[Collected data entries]
Lemma logdet_sum_perturb_dir_ge (t : R) : 0 <= t -> t <= 1 -> t * K <= 2^-1 ->
  logdet_sum Om - 2 * (t ^+ 2 * K) <= logdet_sum (perturb (dir t)).
Proof.
move=> t_ge0 t_le1 tK_small.
have dir_kappaE i : dir t i ^+ 2 * kappa i = t ^+ 2 * (sg i ^+ 2 * kappa i).
  by rewrite /dir sqrrN exprMn -mulrA.
rewrite /logdet_sum /K !mulr_sumr -sumrB; apply: ler_sum => i _.
rewrite -dir_kappaE; apply: ln_det_perturb_ge; rewrite dir_kappaE.
have : sg i ^+ 2 * kappa i <= K.
  by apply: (ler_term_sum (F := fun j => sg j ^+ 2 * kappa j)) => j; rewrite mulr_ge0 ?sqr_ge0.
move/(ler_wpM2l (sqr_ge0 t)); have : t ^+ 2 * K <= t * K.
  by rewrite expr2 -mulrA ler_piMl ?mulr_ge0.
lra.
Qed.

Lemma objL_perturb_dir_le (t : R) : 0 <= t -> t <= 1 -> t * K <= 2^-1 ->
  objL Sig lambda (perturb (dir t)) <=
    objL Sig lambda Om - 2 * (t * (c * S - lambda * Num.sqrt S)) + 2 * (t * (t * (c * K))).
Proof.
move=> t_ge0 t_le1 tK_small.
have traceE : \sum_i dir t i * Sig i u v = - (t * S).
  by rewrite /S mulr_sumr -sumrN; apply: eq_bigr => i _; rewrite /dir /sg; ring.
have penaltyE : Num.sqrt (\sum_i dir t i ^+ 2) = t * Num.sqrt S.
  rewrite (eq_bigr (fun i => t ^+ 2 * sg i ^+ 2)) => [|i _]; last by rewrite /dir sqrrN exprMn.
  by rewrite -mulr_sumr sqrtrM ?sqr_ge0 // sqrtr_sqr ger0_norm.
rewrite !objLE trace_sum_perturb penalty_perturb traceE penaltyE.
have : c * (logdet_sum Om - logdet_sum (perturb (dir t))) <= c * (2 * (t ^+ 2 * K)).
  by rewrite ler_pM2l //; have := logdet_sum_perturb_dir_ge t_ge0 t_le1 tK_small; lra.
rewrite (_ : c * (2 * _) = 2 * (t * (t * (c * K)))); last by ring.
lra.
Qed.

Lemma objL_perturb_lt :
  lambda ^+ 2 < #|I|%:R^-1 * \sum_i Sig i u v ^+ 2 ->
  exists2 Om' : I -> 'M[R]_p, forall i, pd_mx (Om' i) &
    objL Sig lambda Om' < objL Sig lambda Om.
Proof.
move=> big_cross; pose De := c * S - lambda * Num.sqrt S.
have S_ge0 : 0 <= S by apply: sumr_ge0 => i _; exact: sqr_ge0.
have P_ge0 : 0 <= P by apply: sumr_ge0 => i _; rewrite mulr_ge0.
have De_gt0 : 0 < De.
  have lt_c_sqrt : lambda < c * Num.sqrt S by rewrite ltNge le_lambda_c_sqrt // -ltNge.
  have sqrtS_gt0 : 0 < Num.sqrt S.
    by rewrite -(pmulr_rgt0 _ c_gt0); apply: lt_trans lt_c_sqrt.
  rewrite /De -{1}(sqr_sqrtr S_ge0) expr2 mulrA -mulrBl mulr_gt0 //; lra.
have min_gt0 : 0 < Num.min 2^-1 De by rewrite lt_min De_gt0 andbT.
have [t t01] := @exists_pos_mul_lt _ (P + K + c * K) _
  (addr_ge0 (addr_ge0 P_ge0 K_ge0) (mulr_ge0 (ltW c_gt0) K_ge0)) min_gt0.
rewrite lt_min => /andP [t_half t_De]; have /andP [t_gt0 t_le1] := t01.
have tP_ge0 := mulr_ge0 (ltW t_gt0) P_ge0.
have tK_ge0 := mulr_ge0 (ltW t_gt0) K_ge0.
have tcK_ge0 := mulr_ge0 (ltW t_gt0) (mulr_ge0 (ltW c_gt0) K_ge0).
have tK_small : t * K <= 2^-1 by lra.
exists (perturb (dir t)) => [i|]; first by apply: pd_perturb_dir => //; lra.
apply: le_lt_trans (objL_perturb_dir_le (ltW t_gt0) t_le1 tK_small) _.
have : t * (t * (c * K)) < t * De by rewrite ltr_pM2l //; lra.
rewrite -/De; lra.
Qed.

End Perturbation.

End Objective.

Theorem theorem2 (R : realType) (p : nat) (I : finType)
    (Sig : I -> 'M[R]_p) (lambda : R) (Omhat : I -> 'M[R]_p)
    (G1 G2 : {set 'I_p}) :
  (2 <= p)%N ->
  (0 < #|I|)%N ->
  (forall i, psd_mx (Sig i)) ->
  0 < lambda ->
  is_minimizer Sig lambda Omhat ->
  G1 != finset.set0 -> G2 != finset.set0 ->
  G1 :&: G2 = finset.set0 -> G1 :|: G2 = [set: 'I_p] ->
  (forall u v i, u \in G1 -> v \in G2 -> Omhat i u v = 0) <->
  (forall u v, u \in G1 -> v \in G2 ->
     (#|I|%:R)^-1 * \sum_(i : I) (Sig i u v) ^+ 2 <= lambda ^+ 2).
Proof.
move=> _ I_gt0 Sig_psd lambda_gt0 [Om_pd Om_min] _ _ G12_0 G12_T.
have Sig_sym i : (Sig i)^T = Sig i by case: (Sig_psd i).
have G2E a : (a \in G2) = (a \notin G1).
  have : a \notin G1 :&: G2 by rewrite G12_0 inE.
  have : a \in G1 :|: G2 by rewrite G12_T inE.
  by rewrite !inE; case: (a \in G1); case: (a \in G2).
split=> [Om_cross0 u v uG1 vG2 | small_cross u v i uG1 vG2].
  have Om_block i : is_block_diag G1 (Omhat i).
    move=> a b; case aG1: (a \in G1); case bG1: (b \in G1) => //= _.
      by apply: Om_cross0; rewrite // G2E bG1.
    by rewrite -[Omhat i]((Om_pd i).1) mxE Om_cross0 // G2E aG1.
  rewrite leNgt; apply/negP => big_cross.
  have vG1 : v \notin G1 by rewrite -G2E.
  have [Om' Om'_pd] :=
    objL_perturb_lt I_gt0 lambda_gt0 Sig_sym Om_pd Om_block uG1 vG1 big_cross.
  by rewrite ltNge Om_min.
apply/eqP/negPn/negP => Om_uv.
have := Om_min _ (fun j => pd_block_part G1 (Om_pd j)); apply/negP; rewrite -ltNge.
apply: (objL_block_part_lt I_gt0 lambda_gt0 Sig_sym _ Om_pd _ Om_uv).
  by move=> a b aG1 bG1; apply: small_cross; rewrite // G2E.
by rewrite uG1 -G2E vG2.
Qed.
Lemma binz_trinomial (n : nat) (B s : int) : 0 <= B ->
  binz n%:Z (n%:Z - B - s) * binz (B + s) B = binz n%:Z s * binz (n%:Z - s) B.
Proof.
move=> B_ge0.
rewrite -(@multinomE n (n%:Z - B - s) s B) //; last by ring.
rewrite multinom_sym (@multinomE n s (n%:Z - B - s) B) //; last by ring.
by congr (_ * binz _ _); ring.
Qed.

Section Tau.

Variables n J : nat.

(* Terms with j > B vanish, so the truncation at J is harmless once B < J. *)
Definition tau (B q l : int) : int :=
  \sum_(0 <= j < J) binz l j%:Z * binz n%:Z (q - l + j%:Z)
                    * binz (n%:Z - q - j%:Z - 1) (B - j%:Z).

Lemma tau_Bneg (B q l : int) : B < 0 -> tau B q l = 0.
Proof.
move=> B_lt0; rewrite /tau big1 // => j _.
by rewrite [binz _ (B - _)]binz_lt0 ?mulr0 //; lia.
Qed.

Lemma tau_qneg (B q : int) (l : nat) : q < 0 -> tau B q l%:Z = 0.
Proof.
move=> q_lt0; rewrite /tau big1 // => j _.
have [le_jl|lt_lj] := leqP j l; last by rewrite binz_small ?mul0r.
by rewrite [binz n%:Z _]binz_lt0 ?mulr0 ?mul0r //; lia.
Qed.

Hypothesis J_gt0 : (0 < J)%N.

Lemma tau_l0 (B q : int) : tau B q 0 = binz n%:Z q * binz (n%:Z - q - 1) B.
Proof.
rewrite /tau (big_ltn J_gt0) big1_seq ?addr0 => [|j /andP[_]].
  by rewrite binz0 mul1r; congr (binz _ _ * binz _ _); ring.
by rewrite mem_index_iota => /andP[j_gt0 _]; rewrite (@binz_small 0) ?mul0r.
Qed.

Lemma tau_l0_pair (B q : int) :
  tau B q 0 + tau (B - 1) q 0 = binz n%:Z q * binz (n%:Z - q) B.
Proof. by rewrite !tau_l0 [binz (n%:Z - q) B]binz_pascal; ring. Qed.

Lemma tau_pascal (B q l : int) : B < J%:Z ->
  tau B q (l + 1) + tau (B - 1) q (l + 1) = tau B (q - 1) l + tau (B - 1) q l.
Proof.
move=> lt_BJ.
pose g (j : nat) := binz l (j%:Z - 1) * binz n%:Z (q - (l + 1) + j%:Z)
                    * binz (n%:Z - q - j%:Z) (B - j%:Z).
have -> : tau (B - 1) q l = \sum_(0 <= j < J) g j.
  rewrite /tau -(prednK J_gt0) big_nat_recr //= [RHS]big_nat_recl //.
  rewrite [binz _ (B - 1 - _)]binz_lt0 ?mulr0 ?addr0; last by lia.
  rewrite /g binz_lt0 // !mul0r add0r; apply: eq_bigr => j _.
  by congr (binz _ _ * binz _ _ * binz _ _); lia.
rewrite /tau -!big_split; apply: eq_bigr => j _ /=; rewrite /g.
rewrite -mulrDr (_ : B - 1 - j%:Z = B - j%:Z - 1); last by ring.
rewrite -binz_pascal binz_pascal addrK mulrDl mulrDl; congr (_ + _).
by congr (_ * binz _ _ * binz _ _); ring.
Qed.

Lemma tau_reflect (B p : int) (m : nat) : B < J%:Z ->
  tau B p (- m.+1%:Z) = tau B (n%:Z - B - p - 1) m%:Z.
Proof.
have [b lt_Bb] : exists b : nat, B < b%:Z by exists (absz B).+1; lia.
elim: b B lt_Bb m p => [|b IHb] B lt_Bb m p lt_BJ.
  by rewrite !tau_Bneg.
have [B_lt0|B_ge0] := ltrP B 0; first by rewrite !tau_Bneg.
have IHB m' p' := IHb (B - 1) ltac:(lia) m' p' ltac:(lia).
have reflect_q (p' : int) : n%:Z - (B - 1) - (p' + 1) - 1 = n%:Z - B - p' - 1.
  by ring.
elim: m p => [|m IHm] p.
  have := tau_pascal B (p + 1) (-1) lt_BJ.
  rewrite addNr addrK tau_l0_pair IHB reflect_q.
  move=> /eqP; rewrite -subr_eq => /eqP <-.
  apply/eqP; rewrite subr_eq tau_l0_pair -binz_trinomial //.
  by apply/eqP; congr (binz _ _ * binz _ _); ring.
have := tau_pascal B (p + 1) (- m.+2%:Z) lt_BJ.
rewrite (_ : - m.+2%:Z + 1 = - m.+1%:Z) ?addrK; last by lia.
rewrite IHm !IHB !reflect_q => /eqP; rewrite -subr_eq => /eqP <-.
rewrite (_ : n%:Z - B - (p + 1) - 1 = n%:Z - B - p - 1 - 1); last by ring.
by rewrite -tau_pascal // -addn1 PoszD addrK.
Qed.

End Tau.

Lemma Uaux_sym (n k f : nat) (a c : int) : Uaux n k f a c = Uaux n k f c a.
Proof.
by case: f => //= f; rewrite maxC minC [(a < 0) || _]orbC (addrAC _ (- a)).
Qed.

Section HalfOuter.

Variables n k J L : nat.

Definition half_outer (B C' : int) : int :=
  \sum_(0 <= l < L) tau n J B (C' - l%:Z * k%:Z) l%:Z.

Lemma half_outer_Bneg (B C' : int) : B < 0 -> half_outer B C' = 0.
Proof.
by move=> B_lt0; rewrite /half_outer big1 // => l _; rewrite tau_Bneg.
Qed.

Lemma half_outer_Cneg (B C' : int) : C' < 0 -> half_outer B C' = 0.
Proof.
move=> C_lt0; rewrite /half_outer big1 // => l _; rewrite tau_qneg //.
by have : 0 <= l%:Z * k%:Z by []; lia.
Qed.

Definition U_closed (a c : int) : int :=
  half_outer (n%:Z - a - c) c - half_outer (n%:Z - a - c) (c - 1).

Lemma U_closed_out (a c : int) : c < 0 \/ n%:Z - a - c < 0 -> U_closed a c = 0.
Proof.
rewrite /U_closed => -[c_lt0|B_lt0]; last by rewrite !half_outer_Bneg ?subr0.
by rewrite !half_outer_Cneg ?subr0 //; lia.
Qed.

Hypotheses (J_gt0 : (0 < J)%N) (k_gt0 : (0 < k)%N).

Lemma half_outer_telescope (B C' : int) : B < J%:Z -> C' < L%:Z ->
  half_outer B C' + half_outer (B - 1) C'
  - half_outer B (C' - 1 - k%:Z) - half_outer (B - 1) (C' - k%:Z)
  = binz n%:Z C' * binz (n%:Z - C') B.
Proof.
move=> lt_BJ lt_CL.
pose psi (l : nat) := tau n J B (C' - l%:Z * k%:Z) l%:Z
                      + tau n J (B - 1) (C' - l%:Z * k%:Z) l%:Z.
have psi_shift : half_outer B (C' - 1 - k%:Z) + half_outer (B - 1) (C' - k%:Z)
                 = \sum_(0 <= l < L) psi l.+1.
  rewrite /half_outer -big_split; apply: eq_bigr => l _.
  rewrite /psi -addn1 PoszD tau_pascal //.
  by congr (tau _ _ _ _ _ + tau _ _ _ _ _); ring.
have psi_L : psi L = 0.
  have : L%:Z <= L%:Z * k%:Z by rewrite ler_peMr //; lia.
  by move=> le_L_Lk; rewrite /psi !tau_qneg ?addr0 //; lia.
rewrite -addrA -opprD psi_shift.
have -> : half_outer B C' + half_outer (B - 1) C' = \sum_(0 <= l < L) psi l.
  by rewrite -big_split.
rewrite -opprB -sumrB telescope_sumr // psi_L sub0r opprK.
by rewrite /psi mul0r subr0 tau_l0_pair.
Qed.

Lemma U_closed_rec (a c : int) :
  0 <= c -> 0 <= n%:Z - a - c -> n%:Z - a - c < J%:Z -> c < L%:Z ->
  U_closed a c = multinom n a c - multinom n (a + 1) (c - 1)
    - U_closed (a + 1) c + U_closed (a + 1 + k%:Z) (c - 1 - k%:Z)
    + U_closed (a + 1 + k%:Z) (c - k%:Z).
Proof.
move=> c_ge0 B_ge0 lt_BJ lt_cL; set B := n%:Z - a - c.
rewrite (@multinomE n a c B) ?(@multinomE n (a + 1) (c - 1) B) //;
  try by rewrite /B; ring.
rewrite -half_outer_telescope // -half_outer_telescope //; last by lia.
rewrite /U_closed.
have -> : n%:Z - (a + 1) - c = B - 1 by rewrite /B; ring.
have -> : n%:Z - (a + 1 + k%:Z) - (c - 1 - k%:Z) = B by rewrite /B; ring.
have -> : n%:Z - (a + 1 + k%:Z) - (c - k%:Z) = B - 1 by rewrite /B; ring.
have -> : c - 1 - k%:Z - 1 = c - 1 - 1 - k%:Z by ring.
have -> : c - k%:Z - 1 = c - 1 - k%:Z by ring.
ring.
Qed.

Lemma Uaux_U_closed (f : nat) (a c : int) :
  (n < J)%N -> (n < L)%N -> c <= a -> n%:Z < a + f%:Z ->
  Uaux n k f a c = U_closed a c.
Proof.
move=> lt_nJ lt_nL; elim: f a c => [|f IHf] a c le_ca lt_n_fuel /=.
  by rewrite U_closed_out //; lia.
case: ifP => [out|/negbT]; first by rewrite U_closed_out //; lia.
rewrite !negb_or -!leNgt => /andP[/andP[a_ge0 c_ge0] B_ge0].
rewrite (max_idPl le_ca) (min_idPr le_ca) !IHf; try lia.
by rewrite (U_closed_rec a c); lia.
Qed.

End HalfOuter.

Lemma sum_nat_indicator (L : nat) (y : int) (F : nat -> int) :
  \sum_(0 <= l < L) (if l%:Z == y then F l else 0)
  = if (0 <= y) && (y < L%:Z) then F (absz y) else 0.
Proof.
rewrite -big_mkcond /=; case: y => [y|y] /=.
  by rewrite (eq_bigl (fun l => l == y)) ?big_nat1_eq // => l; rewrite eqz_nat.
by rewrite big_pred0.
Qed.

Lemma dvdz_indicator (d L : nat) (x v : int) : (0 < d)%N -> `|x| < L%:Z ->
  (if (d%:Z %| x)%Z then v else 0)
  = \sum_(0 <= l < L) (if x == - (l%:Z * d%:Z) then v else 0)
  + \sum_(0 <= m < L) (if x == m.+1%:Z * d%:Z then v else 0).
Proof.
move=> d_gt0 lt_xL.
have [/dvdzP[t x_eq]|ndvd] := boolP (d%:Z %| x)%Z; last first.
  rewrite !big1 ?addr0 // => l _; case: eqP => // x_eq; case/negP: ndvd;
    by rewrite x_eq -?mulNr dvdz_mull.
subst x; have d_neq0 : d%:Z != 0 by rewrite eqz_nat -lt0n.
have t_small : `|t| < L%:Z.
  by apply: le_lt_trans lt_xL; rewrite normrM ler_peMr // gez0_abs //; lia.
rewrite (eq_bigr (fun l => if l%:Z == - t then v else 0)); last first.
  by move=> l _; rewrite -mulNr (inj_eq (mulIf d_neq0)) eq_sym eqr_oppLR.
rewrite [X in _ + X](eq_bigr (fun m => if m%:Z == t - 1 then v else 0));
  last first.
  move=> m _; rewrite (inj_eq (mulIf d_neq0)) eq_sym.
  by congr (if _ then _ else _); apply/eqP/eqP; lia.
by rewrite !sum_nat_indicator; case: ifP; case: ifP; lia.
Qed.

Lemma sum_shift_indicator (N : nat) (f : int -> int) (c : int) :
  (forall x, N%:Z < `|x| -> f x = 0) ->
  \sum_(0 <= i < (N + N).+1) (if i%:Z - N%:Z == c then f (i%:Z - N%:Z) else 0)
  = f c.
Proof.
move=> f_out.
rewrite (eq_bigr (fun i => if i%:Z == c + N%:Z then f c else 0)); last first.
  move=> i _; rewrite (_ : (i%:Z - N%:Z == c) = (i%:Z == c + N%:Z)); last first.
    by apply/eqP/eqP; lia.
  by case: eqP => // ->; rewrite addrK.
by rewrite sum_nat_indicator; case: ifP => // c_out; rewrite f_out //; lia.
Qed.

Lemma sum_dvdz_split (N L d : nat) (f : int -> int) (C' : int) : (0 < d)%N ->
  (forall x, N%:Z < `|x| -> f x = 0) -> N%:Z + `|C'| < L%:Z ->
  \sum_(0 <= i < (N + N).+1 | (d%:Z %| i%:Z - N%:Z - C')%Z) f (i%:Z - N%:Z)
  = \sum_(0 <= l < L) f (C' - l%:Z * d%:Z)
  + \sum_(0 <= m < L) f (C' + m.+1%:Z * d%:Z).
Proof.
move=> d_gt0 f_out lt_CL.
rewrite big_mkcond /= (eq_big_nat _ _ (F2 := fun i =>
    \sum_(0 <= l < L) (if i%:Z - N%:Z - C' == - (l%:Z * d%:Z)
                       then f (i%:Z - N%:Z) else 0)
  + \sum_(0 <= m < L) (if i%:Z - N%:Z - C' == m.+1%:Z * d%:Z
                       then f (i%:Z - N%:Z) else 0))); last first.
  by move=> i /andP[_ lt_i]; apply: dvdz_indicator => //; lia.
rewrite big_split /= !(exchange_big_nat _ 0 (N + N).+1 0 L) /=.
congr (_ + _); apply: eq_bigr => l _.
  all: rewrite -(@sum_shift_indicator N f _ f_out); apply: eq_bigr => i _.
  all: by congr (if _ then _ else _); apply/eqP/eqP; lia.
Qed.

Lemma inner_tau (n k N : nat) (B C' l : int) :
  inner n k N B C' (C' - l * k.+1%:Z) = tau n N.+1 B (C' - l * k%:Z) l.
Proof.
rewrite /inner /tau /lcoef.
rewrite (_ : C' - (C' - l * k.+1%:Z) = l * k.+1%:Z); last by ring.
rewrite mulzK //; apply: eq_bigr => j _.
by congr (_ * binz _ _ * binz _ _); rewrite -addn1 PoszD; ring.
Qed.

Lemma inner_out (n k N : nat) (B C' c : int) : (n <= N)%N -> N%:Z < `|c| ->
  inner n k N B C' c = 0.
Proof.
move=> le_nN lt_Nc; rewrite /inner big_nat big1 // => j /andP[_ lt_jN].
have [c_lt0|c_ge0] := ltrP c 0.
  by rewrite [binz n%:Z _]binz_lt0 ?mulr0 ?mul0r //; lia.
move: lt_Nc; rewrite ger0_norm // => lt_Nc.
by rewrite [binz n%:Z _]binz_small ?mulr0 ?mul0r //; lia.
Qed.

Lemma outer_half_outer (n k N L : nat) (B C' : int) :
  (n <= N)%N -> B <= N%:Z -> N%:Z + `|C'| < L%:Z ->
  outer n k N B C' = half_outer n k N.+1 L B C'
                   + half_outer n k N.+1 L B (n%:Z - B - C' - k%:Z - 1).
Proof.
move=> le_nN le_BN lt_CL.
rewrite /outer (@sum_dvdz_split N L k.+1) // => [|x]; last exact: inner_out.
rewrite /half_outer; congr (_ + _); apply: eq_bigr => m _.
  exact: inner_tau.
rewrite (_ : C' + m.+1%:Z * k.+1%:Z = C' - (- m.+1%:Z) * k.+1%:Z); last by ring.
rewrite inner_tau tau_reflect //.
by congr tau; rewrite -addn1 PoszD; ring.
Qed.

Theorem lemma4p21 (n k : nat) (A C : int) :
  (1 <= n)%N -> (1 <= k)%N ->
  0 <= A -> 0 <= C -> 0 <= n%:Z - A - C ->
  0 <= A - C -> A - C < k%:Z ->
  forall N : nat, (n <= N)%N ->
  U n k A C - U n k (A - k%:Z) (C + k%:Z) =
    outer n k N (n%:Z - A - C) C - outer n k N (n%:Z - A - C) (C - 1).
Proof.
move=> n_gt0 k_gt0 A_ge0 C_ge0 B_ge0 le_CA lt_AC_k N le_nN.
rewrite /U (Uaux_sym _ _ _ (A - k%:Z)).
rewrite !(@Uaux_U_closed n k N.+1 (N + n).+1); try lia.
rewrite !(@outer_half_outer n k N (N + n).+1) //; try lia.
rewrite /U_closed.
have -> : n%:Z - (C + k%:Z) - (A - k%:Z) = n%:Z - A - C by ring.
have -> : n%:Z - (n%:Z - A - C) - C - k%:Z - 1 = A - k%:Z - 1 by ring.
have -> : n%:Z - (n%:Z - A - C) - (C - 1) - k%:Z - 1 = A - k%:Z by ring.
ring.
Qed.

**Your instructions:**
Begin with the line above that has "0 <= A - C -> A - C < k%:Z ->" and continue through the line that has "have -> : n%:Z - (C", setting each one down exactly. Stop there.

**Answer to the exercise:**
  0 <= A - C -> A - C < k%:Z ->
  forall N : nat, (n <= N)%N ->
  U n k A C - U n k (A - k%:Z) (C + k%:Z) =
    outer n k N (n%:Z - A - C) C - outer n k N (n%:Z - A - C) (C - 1).
Proof.
move=> n_gt0 k_gt0 A_ge0 C_ge0 B_ge0 le_CA lt_AC_k N le_nN.
rewrite /U (Uaux_sym _ _ _ (A - k%:Z)).
rewrite !(@Uaux_U_closed n k N.+1 (N + n).+1); try lia.
rewrite !(@outer_half_outer n k N (N + n).+1) //; try lia.
rewrite /U_closed.
have -> : n%:Z - (C + k%:Z) - (A - k%:Z) = n%:Z - A - C by ring.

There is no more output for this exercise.